▶ [RECORD EXCERPTS]
(* Let $M$ be a canonical dtpla and $N$ an earliest total dtop (all of whose states are reachable) such that $[\![M]\!]=[\![N]\!]$. Let $\varphi$ be the aheadness mapping from $N$ to $M$, and let $C\in\mathcal C_\Sigma$. Then (1) $N(C)\Phi=\mathrm{pref}(M,C)$, and (2) for every $v\in\mathbb N_+^*$, $q\in Q_N$ and $p\in P_M$: if $N(C)/v=\langle q,\bot\rangle$ then $\varphi(q,p)=M(C[p])/v$.
   Context: Trees and patterns. $T_\Delta(Z)$ is the set of trees over ranked alphabet $\Delta$ with extra nullary symbols $Z$; $t/v$ is the subtree at node $v\in\mathbb N_+^*$; $\bot$ is a special nullary symbol. For trees $t,t'$, $t\sqsubseteq t'$ means $t'$ is obtained from $t$ by replacing some occurrences of $\bot$ by trees; for a finite nonempty set $T$ of trees, $\sqcap T$ is the greatest lower bound w.r.t. $\sqsubseteq$ (largest common prefix, with $\bot$ at the highest nodes where the trees disagree). A $\Sigma$-context is $C\in T_\Sigma(\{\bot\})$ with exactly one occurrence of $\bot$; $\mathcal C_\Sigma$ is their set; $C[t]$ replaces $\bot$ by $t$. Dtlas. A dtla $M$ from $\Sigma$ to $\Delta$ consists of a finite set $Q_M$ of states, a total deterministic bottom-up tree automaton with finite state set $P_M$ and transitions $\delta(a,p_1,\dots,p_k)$, extended to $\delta_M:T_\Sigma\to P_M$ ($[\![p]\!]_M=\delta_M^{-1}(p)$), axioms $A_M(p)\in T_\Delta(Q_M(\{x_0\}))$, and at most one rule $q(a(x_1\langle p_1\rangle,\dots,x_k\langle p_k\rangle))\to\mathrm{rhs}_M(q,a,p_1,\dots,p_k)\in T_\Delta(Q_M(X_k))$ per $q,a,p_1,\dots,p_k$. Semantics: $q_M(a(s_1,\dots,s_k))=\mathrm{rhs}_M(q,a,\delta_M(s_1),\dots,\delta_M(s_k))[q'(x_i)\leftarrow q'_M(s_i)]$, $M(s)=A_M(\delta_M(s))[q(x_0)\leftarrow q_M(s)]$. Total: $[\![M]\!]$ total. A dtop is a dtla with a single look-ahead state $\bot$; write $q_N(s)$, $A_N$, $\mathrm{rhs}_N(q,a)$. A dtpla is a dtla with $|P_M|\ge2$. For $C\in\mathcal C_\Sigma$, $p\in P_M$, $M(C[p])\in T_\Delta(Q_M\times P_M)$ is the output on $C$ with the hole treated as a leaf of look-ahead state $p$ and $q_M(p)=\langle q,p\rangle$; for a dtop $N$, $N(C)=N(C[\bot])\in T_\Delta(Q_N\times\{\bot\})$. A state $q$ is reachable if $\langle q,p\rangle$ labels a node of $M(C[p])$ for some $C,p$. $M$ is la-uniform if there is $\rho_M:Q_M\to P_M$ such that the domain of $[\![q]\!]_M$ is $[\![\rho_M(q)]\!]_M$, every $q(x_0)$ in $A_M(p)$ has $\rho_M(q)=p$, every $q'(x_i)$ in $\mathrm{rhs}_M(q,a,p_1,\dots,p_k)$ has $\rho_M(q')=p_i$, and the rule for $q,a,p_1,\dots,p_k$ exists iff $\delta(a,p_1,\dots,p_k)=\rho_M(q)$. A dtla is earliest if there is no state $q$ and $d\in\Delta$ such that $q(s)$ has root label $d$ for all $s$ in the domain of $[\![q]\!]$. $M$ is canonical if it is total, la-uniform, earliest, all states reachable, and distinct states have distinct translations. $\mathrm{pref}(M,C)=\sqcap\{M(C[p])\mid p\in P_M\}$. For $t\in T_\Delta(Q_N\times\{\bot\})$, $t\Phi$ is $t$ with every $\langle q,\bot\rangle$ replaced by $\bot$. Aheadness mapping: the unique $\varphi:Q_N\times P_M\to T_\Delta(Q_M\times P_M)$ with $M(C[p])=N(C)[\langle q,\bot\rangle\leftarrow\varphi(q,p)\mid q\in Q_N]$ for all $C\in\mathcal C_\Sigma$, $p\in P_M$. *)

From Stdlib Require List.
From mathcomp Require Import all_boot.

Set Implicit Arguments.
Unset Strict Implicit.
Unset Printing Implicit Defensive.

Record ranked_alphabet := RankedAlphabet {
  ra_sort :> finType;
  rank : ra_sort -> nat
}.

(* tree D Z : trees with internal symbols from D and extra nullary
   symbols (leaves) from Z, i.e. (before the rank check) T_D(Z). *)
Inductive tree (D Z : Type) : Type :=
| Sym  : D -> seq (tree D Z) -> tree D Z
| Leaf : Z -> tree D Z.
Arguments Sym {D Z}.
Arguments Leaf {D Z}.

Fixpoint wf (D : ranked_alphabet) (Z : Type) (t : tree D Z) : Prop :=
  match t with
  | Sym d ts => size ts = rank d /\
      (fix go (l : seq (tree D Z)) : Prop :=
         match l with nil => True | u :: l' => wf u /\ go l' end) ts
  | Leaf _ => True
  end.

Fixpoint occurs (D Z : Type) (z : Z) (t : tree D Z) : Prop :=
  match t with
  | Sym _ ts =>
      (fix go (l : seq (tree D Z)) : Prop :=
         match l with nil => False | u :: l' => occurs z u \/ go l' end) ts
  | Leaf z' => z' = z
  end.

Fixpoint subst (D Z Z' : Type) (f : Z -> tree D Z') (t : tree D Z) : tree D Z' :=
  match t with
  | Sym d ts => Sym d (map (subst f) ts)
  | Leaf z => f z
  end.

Definition tmap (D Z Z' : Type) (f : Z -> Z') : tree D Z -> tree D Z' :=
  subst (fun z => Leaf (f z)).

Fixpoint oseq (A : Type) (l : seq (option A)) : option (seq A) :=
  match l with
  | nil => Some nil
  | o :: l' => match o, oseq l' with
               | Some a, Some l'' => Some (a :: l'')
               | _, _ => None
               end
  end.

Fixpoint osubst (D Z Z' : Type) (f : Z -> option (tree D Z')) (t : tree D Z)
  : option (tree D Z') :=
  match t with
  | Sym d ts => omap (Sym d) (oseq (map (osubst f) ts))
  | Leaf z => f z
  end.

(* t / v : subtree at node v, nodes are sequences of positive integers
   (child numbering starts at 1); None if v is not a node of t *)
Fixpoint subtree (D Z : Type) (t : tree D Z) (v : seq nat) : option (tree D Z) :=
  match v with
  | nil => Some t
  | i :: v' =>
      match t with
      | Sym _ ts => if i == 0 then None else
          match ohead (drop i.-1 ts) with
          | Some u => subtree u v'
          | None => None
          end
      | Leaf _ => None
      end
  end.

(* Patterns: leaves None play the role of the special symbol ⊥          *)

Inductive ple (D Z : Type) : tree D (option Z) -> tree D (option Z) -> Prop :=
| ple_bot : forall t, ple (Leaf None) t
| ple_leaf : forall z, ple (Leaf (Some z)) (Leaf (Some z))
| ple_sym : forall d ts ts', List.Forall2 (@ple D Z) ts ts' -> ple (Sym d ts) (Sym d ts').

▶ [WHAT IS REQUIRED] Using the listing above, return word for word each line from the one that has "(* t / v : subtree" through the one that has "None => None", and no line outside that range.

▶ [RESPONSE FOR THIS EXERCISE]
(* t / v : subtree at node v, nodes are sequences of positive integers
   (child numbering starts at 1); None if v is not a node of t *)
Fixpoint subtree (D Z : Type) (t : tree D Z) (v : seq nat) : option (tree D Z) :=
  match v with
  | nil => Some t
  | i :: v' =>
      match t with
      | Sym _ ts => if i == 0 then None else
          match ohead (drop i.-1 ts) with
          | Some u => subtree u v'
          | None => None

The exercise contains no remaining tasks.